(Beginning of Records for processing)

(* Let $K$ be a real biquadratic field with $\operatorname{sgnrk}(K)\le 3$. Then $N_{K/\mathbb{Q}}(\eta)=1$ for every $\eta\in\mathcal{O}_K^\times$.
   Context: A real biquadratic field is $K=\mathbb{Q}(\sqrt{D_1},\sqrt{D_2})$ of degree $4$ with $D_1,D_2>1$ squarefree integers (so $K$ is totally real). For $\alpha\in K^\times$, $\operatorname{sgn}(\alpha)\in\mathbb{F}_2^4$ records the signs of its four real embeddings ($0$ for positive, $1$ for negative). $\operatorname{sgnrk}(K)$ is the $\mathbb{F}_2$-dimension of the unit signature group $\{\operatorname{sgn}(\eta):\eta\in\mathcal{O}_K^\times\}$. *)

(* Real biquadratic fields K = Q(sqrt D1, sqrt D2) are modelled
   concretely: an element of K is its coordinate vector (a,b,c,d) in the Q-basis
   1, sqrt D1, sqrt D2, sqrt D1 * sqrt D2, and its four real embeddings are
   computed in the real closed field [realalg] of real algebraic numbers. *)
From HB Require Import structures.
From mathcomp Require Import all_boot all_order all_algebra.
From mathcomp Require Import boolp.
From mathcomp Require Import realalg.
Set Implicit Arguments. Unset Strict Implicit. Unset Printing Implicit Defensive.
Import Order.TTheory GRing.Theory Num.Theory.
Local Open Scope ring_scope.

Definition squarefree (n : nat) : Prop :=
  forall p : nat, prime p -> ~~ (p * p %| n)%N.

Definition bq := (rat * rat * rat * rat)%type.

Definition sgnb (s : bool) : realalg := if s then -1 else 1.

Definition emb (D1 D2 : nat) (s t : bool) (x : bq) : realalg :=
  let '(a, b, c, d) := x in
  ratr a + sgnb s * ratr b * Num.sqrt (D1%:R)
         + sgnb t * ratr c * Num.sqrt (D2%:R)
         + sgnb s * sgnb t * ratr d * (Num.sqrt (D1%:R) * Num.sqrt (D2%:R)).

Definition val0 (D1 D2 : nat) (x : bq) : realalg := emb D1 D2 false false x.

Definition integralK (D1 D2 : nat) (x : bq) : Prop :=
  exists p : {poly int}, p \is monic /\
    root (map_poly (fun z : int => z%:~R : realalg) p) (val0 D1 D2 x).

Definition unitK (D1 D2 : nat) (x : bq) : Prop :=
  integralK D1 D2 x /\
  exists y : bq, integralK D1 D2 y /\ val0 D1 D2 x * val0 D1 D2 y = 1.

Definition embi (D1 D2 : nat) (i : 'I_4) (x : bq) : realalg :=
  emb D1 D2 (odd i) (2 <= i)%N x.

Definition normK (D1 D2 : nat) (x : bq) : realalg :=
  \prod_(i < 4) embi D1 D2 i x.

Definition sgnK (D1 D2 : nat) (x : bq) : 'rV['F_2]_4 :=
  \row_(i < 4) (nat_of_bool (embi D1 D2 i x < 0)%R)%:R.

Definition unit_sgn_set (D1 D2 : nat) : {set 'rV['F_2]_4} :=
  [set v | `[< exists eta : bq, unitK D1 D2 eta /\ sgnK D1 D2 eta = v >]].

(* sgnrk(K) = F_2-dimension of the unit signature group (of its span, which equals it) *)
Definition sgnrk (D1 D2 : nat) : nat :=
  \dim (<< enum (unit_sgn_set D1 D2) >>%VS : {vspace 'rV['F_2]_4}).

From mathcomp Require Import all_boot all_order all_algebra.
From mathcomp Require Import algC algnum.
From mathcomp Require Import realalg.
From mathcomp Require Import boolp.
From mathcomp Require Import ring.
Import Order.TTheory GRing.Theory Num.Theory.
Local Open Scope ring_scope.

(* If N(eta) = -1, an odd number of the four real conjugates of eta are negative.
   The Galois conjugates of eta are units whose sign vectors are that of eta with the
   embeddings permuted by the Klein four-group; together with the sign vector of -1
   they then span F_2^4, so sgnrk(K) = 4.  That N(eta) = +-1 holds because N(eta) and
   N(eta^-1) are rational algebraic integers with product 1.
   Galois conjugation is handled concretely: since D1, D2 and D1 D2 are not rational
   squares, 1, sqrt D1, sqrt D2, sqrt D1 sqrt D2 are linearly independent over Q, so an
   integral polynomial relation satisfied by the real number [val0 D1 D2 x] holds for
   every choice of square roots of D1 and D2. *)

Lemma rat_sqr_neq_odd_logn {p n : nat} :
  prime p -> odd (logn p n) -> forall q : rat, q ^+ 2 != n%:R.
Proof.
move=> p_pr odd_n q; apply/eqP => qn.
have n_gt0 : (0 < n)%N by move: odd_n; case: (n) => //; rewrite logn0.
have den_neq0 : (denq q)%:~R != 0 :> rat by rewrite intr_eq0 denq_eq0.
have num_gt0 : (0 < `|numq q|)%N.
  rewrite absz_gt0 numq_eq0; apply: contra_eqN qn => /eqP->.
  by rewrite expr0n eq_sym pnatr_eq0 -lt0n.
have den_gt0 : (0 < `|denq q|)%N by rewrite absz_gt0 denq_eq0.
have numq_sqr : numq q ^+ 2 = n%:Z * denq q ^+ 2.
  apply: (@intr_inj rat); rewrite !expr2 !intrM -[in LHS](divq_num_den q) in qn *.
  rewrite (_ : (n%:Z)%:~R = n%:R :> rat) // -qn; field; exact: den_neq0.
have /(congr1 (logn p)) := congr1 absz numq_sqr.
rewrite abszM !abszX /= lognM ?expn_gt0 ?den_gt0 // !lognX => /(congr1 odd).
by rewrite oddD !oddM /= addbF -(negbK (odd _)) odd_n.
Qed.

Lemma logn_squarefree (p : nat) {D : nat} : (0 < D)%N -> squarefree D -> prime p ->
  (logn p D <= 1)%N.
Proof.
move=> D_gt0 sqD p_pr; have := sqD p p_pr.
by rewrite mulnn (pfactor_dvdn 2 p_pr D_gt0) -ltnNge ltnS.
Qed.

Lemma squarefree_odd_logn {D : nat} : (1 < D)%N -> squarefree D ->
  exists2 p, prime p & odd (logn p D).
Proof.
move=> D_gt1 sqD; have D_gt0 := ltnW D_gt1; have p_pr := pdiv_prime D_gt1.
exists (pdiv D) => //; suff -> : logn (pdiv D) D = 1%N by [].
apply/eqP; rewrite eqn_leq logn_squarefree //=.
by rewrite -(pfactor_dvdn 1 p_pr D_gt0) expn1 pdiv_dvd.
Qed.

Lemma squarefree_mul_odd_logn {D1 D2 : nat} : (1 < D1)%N -> (1 < D2)%N ->
  squarefree D1 -> squarefree D2 -> D1 <> D2 ->
  exists2 p, prime p & odd (logn p (D1 * D2)).
Proof.
move=> D1_gt1 D2_gt1 sqD1 sqD2 D12; have [D1_gt0 D2_gt0] := (ltnW D1_gt1, ltnW D2_gt1).
case: (pselect (exists2 p, prime p & odd (logn p (D1 * D2)))) => // no_odd.
case: D12; apply: eqn_from_log => // p; have [p_pr|/negbTE p_npr] := boolP (prime p).
  have := logn_squarefree p D1_gt0 sqD1 p_pr; have := logn_squarefree p D2_gt0 sqD2 p_pr.
  (* both valuations are at most 1 and their sum is even, so they agree *)
  have /negP : ~~ odd (logn p D1 + logn p D2).
    by apply/negP => odd_sum; apply: no_odd; exists p; rewrite ?lognM.
  by case: (logn p D1) => [|[|]]; case: (logn p D2) => [|[|]].
by rewrite /logn p_npr.
Qed.

Lemma squarefree_nsqr {D : nat} : (1 < D)%N -> squarefree D -> forall q : rat, q ^+ 2 != D%:R.
Proof. by move=> D_gt1 /(squarefree_odd_logn D_gt1) [p p_pr /(rat_sqr_neq_odd_logn p_pr)]. Qed.

Section LinearIndependence.
Variable R : numFieldType.

Lemma ratr_quad_eq0 {s : R} {m : rat} : s ^+ 2 = ratr m -> (forall q : rat, q ^+ 2 != m) ->
  forall p q : rat, ratr p + ratr q * s = 0 -> p = 0 /\ q = 0.
Proof.
move=> sm m_nsqr p q pqs0; have [q0|q_neq0] := eqVneq q 0.
  by move: pqs0; rewrite q0 rmorph0 mul0r addr0 => /eqP; rewrite fmorph_eq0 => /eqP.
have qs : ratr q * s = - ratr p by apply/eqP; rewrite -addr_eq0 addrC pqs0.
have s_rat : s = ratr (- p / q).
  by rewrite rmorphM rmorphN fmorphV /= -qs; field; rewrite fmorph_eq0.
by have /eqP[] := m_nsqr (- p / q); apply: (fmorph_inj (@ratr R)); rewrite rmorphXn /= -s_rat.
Qed.

Variables (s1 s2 : R) (d1 d2 : rat).
Hypotheses (s1_sqr : s1 ^+ 2 = ratr d1) (s2_sqr : s2 ^+ 2 = ratr d2).
Hypotheses (d1_nsqr : forall q : rat, q ^+ 2 != d1) (d2_nsqr : forall q : rat, q ^+ 2 != d2)
  (d12_nsqr : forall q : rat, q ^+ 2 != d1 * d2).

Let d1_neq0 : d1 != 0. Proof. by have := d1_nsqr 0; rewrite expr0n eq_sym. Qed.

Lemma ratr_lin3_eq0 a b c : ratr a + ratr b * s1 + ratr c * s2 = 0 ->
  [/\ a = 0, b = 0 & c = 0].
Proof.
move=> abc0.
(* squaring [ratr a + ratr b * s1 = - ratr c * s2] eliminates [s2] *)
have : ratr (a ^+ 2 + b ^+ 2 * d1 - c ^+ 2 * d2) + ratr (a * b *+ 2) * s1 = 0.
  have -> : ratr (a ^+ 2 + b ^+ 2 * d1 - c ^+ 2 * d2) + ratr (a * b *+ 2) * s1
      = (ratr a + ratr b * s1) ^+ 2 - (ratr c * s2) ^+ 2 :> R.
    rewrite !(rmorphD, rmorphN, rmorphM, rmorphXn, rmorphMn) /= -s1_sqr -s2_sqr; ring.
  have -> : ratr a + ratr b * s1 = - (ratr c * s2) by apply/eqP; rewrite -addr_eq0 abc0.
  by rewrite sqrrN subrr.
case/(ratr_quad_eq0 s1_sqr d1_nsqr) => /eqP sum0 /eqP.
rewrite mulrn_eq0 /= mulf_eq0 => /orP[]/eqP ab0; move: sum0; rewrite ab0 expr0n /=.
- rewrite add0r subr_eq0 => /eqP bc; have [c0|c_neq0] := eqVneq c 0.
    move: bc; rewrite c0 expr0n /= mul0r => /eqP.
    by rewrite mulf_eq0 (negPf d1_neq0) orbF expf_eq0 => /eqP.
  have /eqP[] := d12_nsqr (b * d1 / c).
  rewrite (_ : _ ^+ 2 = b ^+ 2 * d1 * d1 / c ^+ 2); last by field.
  by rewrite bc; field.
- rewrite mul0r addr0 subr_eq0 => /eqP ac; have [c0|c_neq0] := eqVneq c 0.
    by move: ac; rewrite c0 expr0n /= mul0r => /eqP; rewrite expf_eq0 => /eqP.
  by have /eqP[] := d2_nsqr (a / c); rewrite expr_div_n ac; field.
Qed.

Lemma ratr_biquad_eq0 a b c d :
  ratr a + ratr b * s1 + ratr c * s2 + ratr d * (s1 * s2) = 0 ->
  [/\ a = 0, b = 0, c = 0 & d = 0].
Proof.
move=> abcd0.
(* multiplying by [ratr c - ratr d * s1] eliminates the [s1 * s2] term *)
have : ratr (a * c - b * d * d1) + ratr (b * c - a * d) * s1
       + ratr (c ^+ 2 - d ^+ 2 * d1) * s2 = 0.
  rewrite -(mulr0 (ratr c - ratr d * s1)) -abcd0.
  by rewrite !(rmorphD, rmorphN, rmorphM, rmorphXn) /= -s1_sqr; ring.
case/ratr_lin3_eq0 => _ _ /eqP; rewrite subr_eq0 => /eqP cd.
have [d0|d_neq0] := eqVneq d 0; last first.
  by have /eqP[] := d1_nsqr (c / d); rewrite expr_div_n cd; field.
move: cd abcd0; rewrite d0 expr0n /= mul0r => /eqP; rewrite expf_eq0 => /eqP c0.
by rewrite c0 !rmorph0 !mul0r !addr0 => /(ratr_quad_eq0 s1_sqr d1_nsqr) [].
Qed.

End LinearIndependence.
Arguments ratr_biquad_eq0 {R s1 s2 d1 d2}.

Lemma prodr_lt0_odd (R : realDomainType) n (F : 'I_n -> R) : \prod_(i < n) F i != 0 ->
  (\prod_(i < n) F i < 0) = odd (\sum_(i < n) (F i < 0)%R)%N.
Proof.
elim: n F => [|n IHn] F; first by rewrite !big_ord0 ltr10.
rewrite !big_ord_recr mulf_eq0 negb_or /= oddD oddb => /andP[prod_neq0 last_neq0].
by rewrite mulr_lt0 prod_neq0 last_neq0 IHn.
Qed.

Definition F2_of_bool (b : bool) : 'F_2 := (b : nat)%:R.

Lemma dim_span_sign_patterns (S : {set 'rV['F_2]_4}) (neg : bool -> bool -> bool) :
  neg false false (+) neg true false (+) neg false true (+) neg true true ->
  (forall s t, \row_(i < 4) F2_of_bool (neg (odd i (+) s) ((2 <= i)%N (+) t)) \in S) ->
  \row_(i < 4) 1 \in S ->
  \dim (<< enum S >>%VS : {vspace 'rV['F_2]_4}) = 4%N.
Proof.
move=> odd_neg signS oneS.
set V := (<< enum S >>%VS : {vspace 'rV['F_2]_4}).
have inV v : v \in S -> v \in V by move=> vS; apply: memv_span; rewrite mem_enum.
pose u s t := \row_(i < 4) F2_of_bool (neg (odd i (+) s) ((2 <= i)%N (+) t)).
pose one : 'rV['F_2]_4 := \row_(i < 4) 1.
pose e (j : 'I_4) : 'rV['F_2]_4 := delta_mx 0 j.
pose a := F2_of_bool (neg false false) + F2_of_bool (neg true false).
pose c := F2_of_bool (neg false false) + F2_of_bool (neg false true).
have uV s t : u s t \in V := inV _ (signS s t).
have oneV : one \in V := inV _ oneS.
(* by parity, [u false false + u true false = (a, a, a + 1, a + 1)], and similarly for [c] *)
have [E23 E13 E3] : [/\ e 2 + e 3 = u false false + u true false + a *: one,
    e 1 + e 3 = u false false + u false true + c *: one
  & e 3 = u false false + F2_of_bool (neg false false) *: one
          + a *: (e 1 + e 3) + c *: (e 2 + e 3)].
  rewrite /a /c; split; apply/rowP => -[[|[|[|[|//]]]] ?]; rewrite !mxE /=; move: (odd_neg);
  by case: (neg false false) (neg true false) (neg false true) (neg true true)
    => [] [] [] [] //= _; apply/eqP.
have e23V : e 2 + e 3 \in V by rewrite E23 !(memvD, memvZ, uV, oneV).
have e13V : e 1 + e 3 \in V by rewrite E13 !(memvD, memvZ, uV, oneV).
have e3V : e 3 \in V by rewrite E3 !(e13V, e23V, memvD, memvZ, uV, oneV).
have e1V : e 1 \in V by rewrite -(addrK (e 3) (e 1)) memvB.
have e2V : e 2 \in V by rewrite -(addrK (e 3) (e 2)) memvB.
have e0V : e 0 \in V.
  suff -> : e 0 = one - e 1 - e 2 - e 3 by rewrite !memvB.
  by apply/rowP => -[[|[|[|[|//]]]] ?]; rewrite !mxE /=; apply/eqP.
have fullV : (fullv <= V)%VS.
  apply/subvP => w _; rewrite (row_sum_delta w); apply: memv_suml => j _; apply: memvZ.
  by case: j => -[|[|[|[|//]]]] j_lt; [exact: e0V | exact: e1V | exact: e2V | exact: e3V].
have -> : V = fullv by apply/eqP; rewrite eqEsubv subvf fullV.
by rewrite dimvf.
Qed.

(End of Records for processing)

- [Prompt] Your answer should be a single number: the count of lines above that contain the word "Hypotheses".

- [Reply] 2